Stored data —
-*-*-
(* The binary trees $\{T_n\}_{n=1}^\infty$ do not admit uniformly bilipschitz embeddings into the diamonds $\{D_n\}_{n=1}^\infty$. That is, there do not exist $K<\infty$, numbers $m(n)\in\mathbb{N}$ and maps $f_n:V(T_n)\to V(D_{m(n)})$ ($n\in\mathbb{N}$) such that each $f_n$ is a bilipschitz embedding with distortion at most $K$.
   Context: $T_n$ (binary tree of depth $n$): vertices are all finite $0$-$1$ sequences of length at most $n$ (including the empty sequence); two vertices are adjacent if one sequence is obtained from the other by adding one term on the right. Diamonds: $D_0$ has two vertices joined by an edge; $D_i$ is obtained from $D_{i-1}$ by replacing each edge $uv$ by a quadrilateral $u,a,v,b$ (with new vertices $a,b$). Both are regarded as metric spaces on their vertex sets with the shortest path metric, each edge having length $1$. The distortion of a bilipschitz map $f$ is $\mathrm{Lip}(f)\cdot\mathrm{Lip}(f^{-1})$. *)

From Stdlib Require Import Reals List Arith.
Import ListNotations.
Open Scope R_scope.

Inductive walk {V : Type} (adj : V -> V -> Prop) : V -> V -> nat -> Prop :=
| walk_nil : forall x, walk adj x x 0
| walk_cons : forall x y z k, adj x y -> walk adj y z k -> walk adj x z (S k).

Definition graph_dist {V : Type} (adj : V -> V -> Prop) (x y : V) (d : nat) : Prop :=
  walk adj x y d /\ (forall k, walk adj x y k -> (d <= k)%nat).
-*-*-
YOUR OBJECTIVE —
Set down only the line containing "From Stdlib Require Import Reals List Arith." and the lines after it through the end, exactly as they appear above.

REPLY TO THE EXERCISE —
From Stdlib Require Import Reals List Arith.
Import ListNotations.
Open Scope R_scope.

Inductive walk {V : Type} (adj : V -> V -> Prop) : V -> V -> nat -> Prop :=
| walk_nil : forall x, walk adj x x 0
| walk_cons : forall x y z k, adj x y -> walk adj y z k -> walk adj x z (S k).

Definition graph_dist {V : Type} (adj : V -> V -> Prop) (x y : V) (d : nat) : Prop :=
  walk adj x y d /\ (forall k, walk adj x y k -> (d <= k)%nat).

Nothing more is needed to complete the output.